Dataset entries:
-*-*-
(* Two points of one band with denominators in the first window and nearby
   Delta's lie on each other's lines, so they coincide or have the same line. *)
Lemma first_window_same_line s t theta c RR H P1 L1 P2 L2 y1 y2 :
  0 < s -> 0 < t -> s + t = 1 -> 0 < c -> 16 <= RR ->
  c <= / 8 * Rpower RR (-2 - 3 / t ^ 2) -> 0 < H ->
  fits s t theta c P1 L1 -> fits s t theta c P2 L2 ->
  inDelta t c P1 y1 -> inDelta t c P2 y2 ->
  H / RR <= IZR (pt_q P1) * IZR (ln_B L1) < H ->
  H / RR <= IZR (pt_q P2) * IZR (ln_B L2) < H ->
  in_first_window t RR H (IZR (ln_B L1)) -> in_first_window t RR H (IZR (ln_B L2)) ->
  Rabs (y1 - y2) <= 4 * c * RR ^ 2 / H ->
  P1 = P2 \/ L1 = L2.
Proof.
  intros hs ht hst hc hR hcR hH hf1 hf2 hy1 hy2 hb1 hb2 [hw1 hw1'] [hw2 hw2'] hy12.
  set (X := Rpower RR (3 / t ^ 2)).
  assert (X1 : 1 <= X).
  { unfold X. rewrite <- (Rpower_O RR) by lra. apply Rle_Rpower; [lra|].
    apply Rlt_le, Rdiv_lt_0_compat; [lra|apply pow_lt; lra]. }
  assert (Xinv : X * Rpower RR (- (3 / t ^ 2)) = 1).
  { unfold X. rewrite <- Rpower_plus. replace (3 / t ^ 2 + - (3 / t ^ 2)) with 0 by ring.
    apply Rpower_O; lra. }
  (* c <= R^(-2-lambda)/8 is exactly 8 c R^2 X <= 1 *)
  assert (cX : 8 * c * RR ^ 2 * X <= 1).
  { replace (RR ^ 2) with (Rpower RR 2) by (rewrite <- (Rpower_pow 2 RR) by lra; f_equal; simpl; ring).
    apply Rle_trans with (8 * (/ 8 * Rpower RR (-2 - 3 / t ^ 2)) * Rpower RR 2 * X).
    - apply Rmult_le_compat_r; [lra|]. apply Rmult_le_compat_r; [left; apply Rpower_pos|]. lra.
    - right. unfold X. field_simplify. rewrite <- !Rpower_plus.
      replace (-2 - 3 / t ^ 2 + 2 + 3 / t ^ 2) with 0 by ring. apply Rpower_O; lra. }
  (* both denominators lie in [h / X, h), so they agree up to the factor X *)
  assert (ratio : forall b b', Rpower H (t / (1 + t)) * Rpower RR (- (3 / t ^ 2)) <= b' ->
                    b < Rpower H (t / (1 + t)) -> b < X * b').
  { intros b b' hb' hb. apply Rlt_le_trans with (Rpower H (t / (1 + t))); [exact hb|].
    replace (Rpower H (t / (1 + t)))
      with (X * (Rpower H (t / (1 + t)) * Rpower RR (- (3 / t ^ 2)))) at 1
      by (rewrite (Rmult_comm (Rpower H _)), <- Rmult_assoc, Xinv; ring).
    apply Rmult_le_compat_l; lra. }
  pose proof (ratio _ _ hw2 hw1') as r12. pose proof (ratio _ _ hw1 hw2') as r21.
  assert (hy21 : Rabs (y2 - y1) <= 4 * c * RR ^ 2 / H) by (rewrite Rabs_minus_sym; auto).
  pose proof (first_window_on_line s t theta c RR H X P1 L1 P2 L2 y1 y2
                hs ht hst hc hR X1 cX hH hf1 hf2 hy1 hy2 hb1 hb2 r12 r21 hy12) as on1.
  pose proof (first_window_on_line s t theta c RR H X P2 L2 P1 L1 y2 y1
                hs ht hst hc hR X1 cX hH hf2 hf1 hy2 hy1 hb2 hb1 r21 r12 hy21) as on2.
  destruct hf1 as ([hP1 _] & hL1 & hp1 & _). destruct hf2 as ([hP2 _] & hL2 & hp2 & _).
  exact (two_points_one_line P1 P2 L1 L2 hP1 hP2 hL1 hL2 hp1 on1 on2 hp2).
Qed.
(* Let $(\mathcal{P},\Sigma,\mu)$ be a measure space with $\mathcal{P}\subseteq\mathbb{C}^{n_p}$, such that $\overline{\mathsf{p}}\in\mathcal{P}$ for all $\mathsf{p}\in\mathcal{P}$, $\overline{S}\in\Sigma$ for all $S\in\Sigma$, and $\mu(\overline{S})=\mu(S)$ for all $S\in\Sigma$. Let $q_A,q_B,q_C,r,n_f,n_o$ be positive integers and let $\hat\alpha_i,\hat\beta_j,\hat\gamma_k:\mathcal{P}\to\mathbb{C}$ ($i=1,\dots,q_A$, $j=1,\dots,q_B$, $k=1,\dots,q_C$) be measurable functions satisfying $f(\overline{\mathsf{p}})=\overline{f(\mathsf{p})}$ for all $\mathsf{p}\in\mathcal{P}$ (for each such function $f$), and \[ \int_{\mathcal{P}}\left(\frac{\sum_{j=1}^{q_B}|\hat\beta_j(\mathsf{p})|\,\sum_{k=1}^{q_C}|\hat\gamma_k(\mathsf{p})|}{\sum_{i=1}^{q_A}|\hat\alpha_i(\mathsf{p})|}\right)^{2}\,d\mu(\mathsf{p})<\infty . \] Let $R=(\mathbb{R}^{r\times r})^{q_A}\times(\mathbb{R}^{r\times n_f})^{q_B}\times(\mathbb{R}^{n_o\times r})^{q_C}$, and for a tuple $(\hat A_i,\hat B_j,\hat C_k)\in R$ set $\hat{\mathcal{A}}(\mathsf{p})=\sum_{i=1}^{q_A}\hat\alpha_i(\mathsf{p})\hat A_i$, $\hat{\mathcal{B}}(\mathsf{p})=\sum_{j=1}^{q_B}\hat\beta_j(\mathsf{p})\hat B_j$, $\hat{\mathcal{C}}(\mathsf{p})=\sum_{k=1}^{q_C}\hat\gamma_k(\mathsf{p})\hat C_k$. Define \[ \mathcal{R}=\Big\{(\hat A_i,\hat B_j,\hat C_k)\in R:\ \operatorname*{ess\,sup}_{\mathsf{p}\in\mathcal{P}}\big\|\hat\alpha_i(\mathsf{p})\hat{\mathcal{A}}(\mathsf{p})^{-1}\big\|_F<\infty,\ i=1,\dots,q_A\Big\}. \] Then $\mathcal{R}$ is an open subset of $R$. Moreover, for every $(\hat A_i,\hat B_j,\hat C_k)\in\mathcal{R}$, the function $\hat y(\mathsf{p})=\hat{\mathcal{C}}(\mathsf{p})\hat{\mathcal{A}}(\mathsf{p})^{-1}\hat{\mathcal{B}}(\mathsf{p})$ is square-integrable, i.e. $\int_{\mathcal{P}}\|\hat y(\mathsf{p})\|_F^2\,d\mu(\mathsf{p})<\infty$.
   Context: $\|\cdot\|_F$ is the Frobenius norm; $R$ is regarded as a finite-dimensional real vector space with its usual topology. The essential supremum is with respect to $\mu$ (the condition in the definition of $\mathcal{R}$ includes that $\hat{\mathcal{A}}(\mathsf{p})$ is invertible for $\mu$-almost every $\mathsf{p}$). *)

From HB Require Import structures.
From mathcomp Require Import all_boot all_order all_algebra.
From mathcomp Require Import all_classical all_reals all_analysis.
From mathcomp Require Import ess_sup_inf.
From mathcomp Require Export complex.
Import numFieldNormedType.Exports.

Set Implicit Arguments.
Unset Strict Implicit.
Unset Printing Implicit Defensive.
-*-*-
» **TASK INSTRUCTIONS**:
Retype every line of the data, keeping each one exactly as it is.

» **EXERCISE ANSWER**:
(* Two points of one band with denominators in the first window and nearby
   Delta's lie on each other's lines, so they coincide or have the same line. *)
Lemma first_window_same_line s t theta c RR H P1 L1 P2 L2 y1 y2 :
  0 < s -> 0 < t -> s + t = 1 -> 0 < c -> 16 <= RR ->
  c <= / 8 * Rpower RR (-2 - 3 / t ^ 2) -> 0 < H ->
  fits s t theta c P1 L1 -> fits s t theta c P2 L2 ->
  inDelta t c P1 y1 -> inDelta t c P2 y2 ->
  H / RR <= IZR (pt_q P1) * IZR (ln_B L1) < H ->
  H / RR <= IZR (pt_q P2) * IZR (ln_B L2) < H ->
  in_first_window t RR H (IZR (ln_B L1)) -> in_first_window t RR H (IZR (ln_B L2)) ->
  Rabs (y1 - y2) <= 4 * c * RR ^ 2 / H ->
  P1 = P2 \/ L1 = L2.
Proof.
  intros hs ht hst hc hR hcR hH hf1 hf2 hy1 hy2 hb1 hb2 [hw1 hw1'] [hw2 hw2'] hy12.
  set (X := Rpower RR (3 / t ^ 2)).
  assert (X1 : 1 <= X).
  { unfold X. rewrite <- (Rpower_O RR) by lra. apply Rle_Rpower; [lra|].
    apply Rlt_le, Rdiv_lt_0_compat; [lra|apply pow_lt; lra]. }
  assert (Xinv : X * Rpower RR (- (3 / t ^ 2)) = 1).
  { unfold X. rewrite <- Rpower_plus. replace (3 / t ^ 2 + - (3 / t ^ 2)) with 0 by ring.
    apply Rpower_O; lra. }
  (* c <= R^(-2-lambda)/8 is exactly 8 c R^2 X <= 1 *)
  assert (cX : 8 * c * RR ^ 2 * X <= 1).
  { replace (RR ^ 2) with (Rpower RR 2) by (rewrite <- (Rpower_pow 2 RR) by lra; f_equal; simpl; ring).
    apply Rle_trans with (8 * (/ 8 * Rpower RR (-2 - 3 / t ^ 2)) * Rpower RR 2 * X).
    - apply Rmult_le_compat_r; [lra|]. apply Rmult_le_compat_r; [left; apply Rpower_pos|]. lra.
    - right. unfold X. field_simplify. rewrite <- !Rpower_plus.
      replace (-2 - 3 / t ^ 2 + 2 + 3 / t ^ 2) with 0 by ring. apply Rpower_O; lra. }
  (* both denominators lie in [h / X, h), so they agree up to the factor X *)
  assert (ratio : forall b b', Rpower H (t / (1 + t)) * Rpower RR (- (3 / t ^ 2)) <= b' ->
                    b < Rpower H (t / (1 + t)) -> b < X * b').
  { intros b b' hb' hb. apply Rlt_le_trans with (Rpower H (t / (1 + t))); [exact hb|].
    replace (Rpower H (t / (1 + t)))
      with (X * (Rpower H (t / (1 + t)) * Rpower RR (- (3 / t ^ 2)))) at 1
      by (rewrite (Rmult_comm (Rpower H _)), <- Rmult_assoc, Xinv; ring).
    apply Rmult_le_compat_l; lra. }
  pose proof (ratio _ _ hw2 hw1') as r12. pose proof (ratio _ _ hw1 hw2') as r21.
  assert (hy21 : Rabs (y2 - y1) <= 4 * c * RR ^ 2 / H) by (rewrite Rabs_minus_sym; auto).
  pose proof (first_window_on_line s t theta c RR H X P1 L1 P2 L2 y1 y2
                hs ht hst hc hR X1 cX hH hf1 hf2 hy1 hy2 hb1 hb2 r12 r21 hy12) as on1.
  pose proof (first_window_on_line s t theta c RR H X P2 L2 P1 L1 y2 y1
                hs ht hst hc hR X1 cX hH hf2 hf1 hy2 hy1 hb2 hb1 r21 r12 hy21) as on2.
  destruct hf1 as ([hP1 _] & hL1 & hp1 & _). destruct hf2 as ([hP2 _] & hL2 & hp2 & _).
  exact (two_points_one_line P1 P2 L1 L2 hP1 hP2 hL1 hL2 hp1 on1 on2 hp2).
Qed.
(* Let $(\mathcal{P},\Sigma,\mu)$ be a measure space with $\mathcal{P}\subseteq\mathbb{C}^{n_p}$, such that $\overline{\mathsf{p}}\in\mathcal{P}$ for all $\mathsf{p}\in\mathcal{P}$, $\overline{S}\in\Sigma$ for all $S\in\Sigma$, and $\mu(\overline{S})=\mu(S)$ for all $S\in\Sigma$. Let $q_A,q_B,q_C,r,n_f,n_o$ be positive integers and let $\hat\alpha_i,\hat\beta_j,\hat\gamma_k:\mathcal{P}\to\mathbb{C}$ ($i=1,\dots,q_A$, $j=1,\dots,q_B$, $k=1,\dots,q_C$) be measurable functions satisfying $f(\overline{\mathsf{p}})=\overline{f(\mathsf{p})}$ for all $\mathsf{p}\in\mathcal{P}$ (for each such function $f$), and \[ \int_{\mathcal{P}}\left(\frac{\sum_{j=1}^{q_B}|\hat\beta_j(\mathsf{p})|\,\sum_{k=1}^{q_C}|\hat\gamma_k(\mathsf{p})|}{\sum_{i=1}^{q_A}|\hat\alpha_i(\mathsf{p})|}\right)^{2}\,d\mu(\mathsf{p})<\infty . \] Let $R=(\mathbb{R}^{r\times r})^{q_A}\times(\mathbb{R}^{r\times n_f})^{q_B}\times(\mathbb{R}^{n_o\times r})^{q_C}$, and for a tuple $(\hat A_i,\hat B_j,\hat C_k)\in R$ set $\hat{\mathcal{A}}(\mathsf{p})=\sum_{i=1}^{q_A}\hat\alpha_i(\mathsf{p})\hat A_i$, $\hat{\mathcal{B}}(\mathsf{p})=\sum_{j=1}^{q_B}\hat\beta_j(\mathsf{p})\hat B_j$, $\hat{\mathcal{C}}(\mathsf{p})=\sum_{k=1}^{q_C}\hat\gamma_k(\mathsf{p})\hat C_k$. Define \[ \mathcal{R}=\Big\{(\hat A_i,\hat B_j,\hat C_k)\in R:\ \operatorname*{ess\,sup}_{\mathsf{p}\in\mathcal{P}}\big\|\hat\alpha_i(\mathsf{p})\hat{\mathcal{A}}(\mathsf{p})^{-1}\big\|_F<\infty,\ i=1,\dots,q_A\Big\}. \] Then $\mathcal{R}$ is an open subset of $R$. Moreover, for every $(\hat A_i,\hat B_j,\hat C_k)\in\mathcal{R}$, the function $\hat y(\mathsf{p})=\hat{\mathcal{C}}(\mathsf{p})\hat{\mathcal{A}}(\mathsf{p})^{-1}\hat{\mathcal{B}}(\mathsf{p})$ is square-integrable, i.e. $\int_{\mathcal{P}}\|\hat y(\mathsf{p})\|_F^2\,d\mu(\mathsf{p})<\infty$.
   Context: $\|\cdot\|_F$ is the Frobenius norm; $R$ is regarded as a finite-dimensional real vector space with its usual topology. The essential supremum is with respect to $\mu$ (the condition in the definition of $\mathcal{R}$ includes that $\hat{\mathcal{A}}(\mathsf{p})$ is invertible for $\mu$-almost every $\mathsf{p}$). *)

From HB Require Import structures.
From mathcomp Require Import all_boot all_order all_algebra.
From mathcomp Require Import all_classical all_reals all_analysis.
From mathcomp Require Import ess_sup_inf.
From mathcomp Require Export complex.
Import numFieldNormedType.Exports.

Set Implicit Arguments.
Unset Strict Implicit.
Unset Printing Implicit Defensive.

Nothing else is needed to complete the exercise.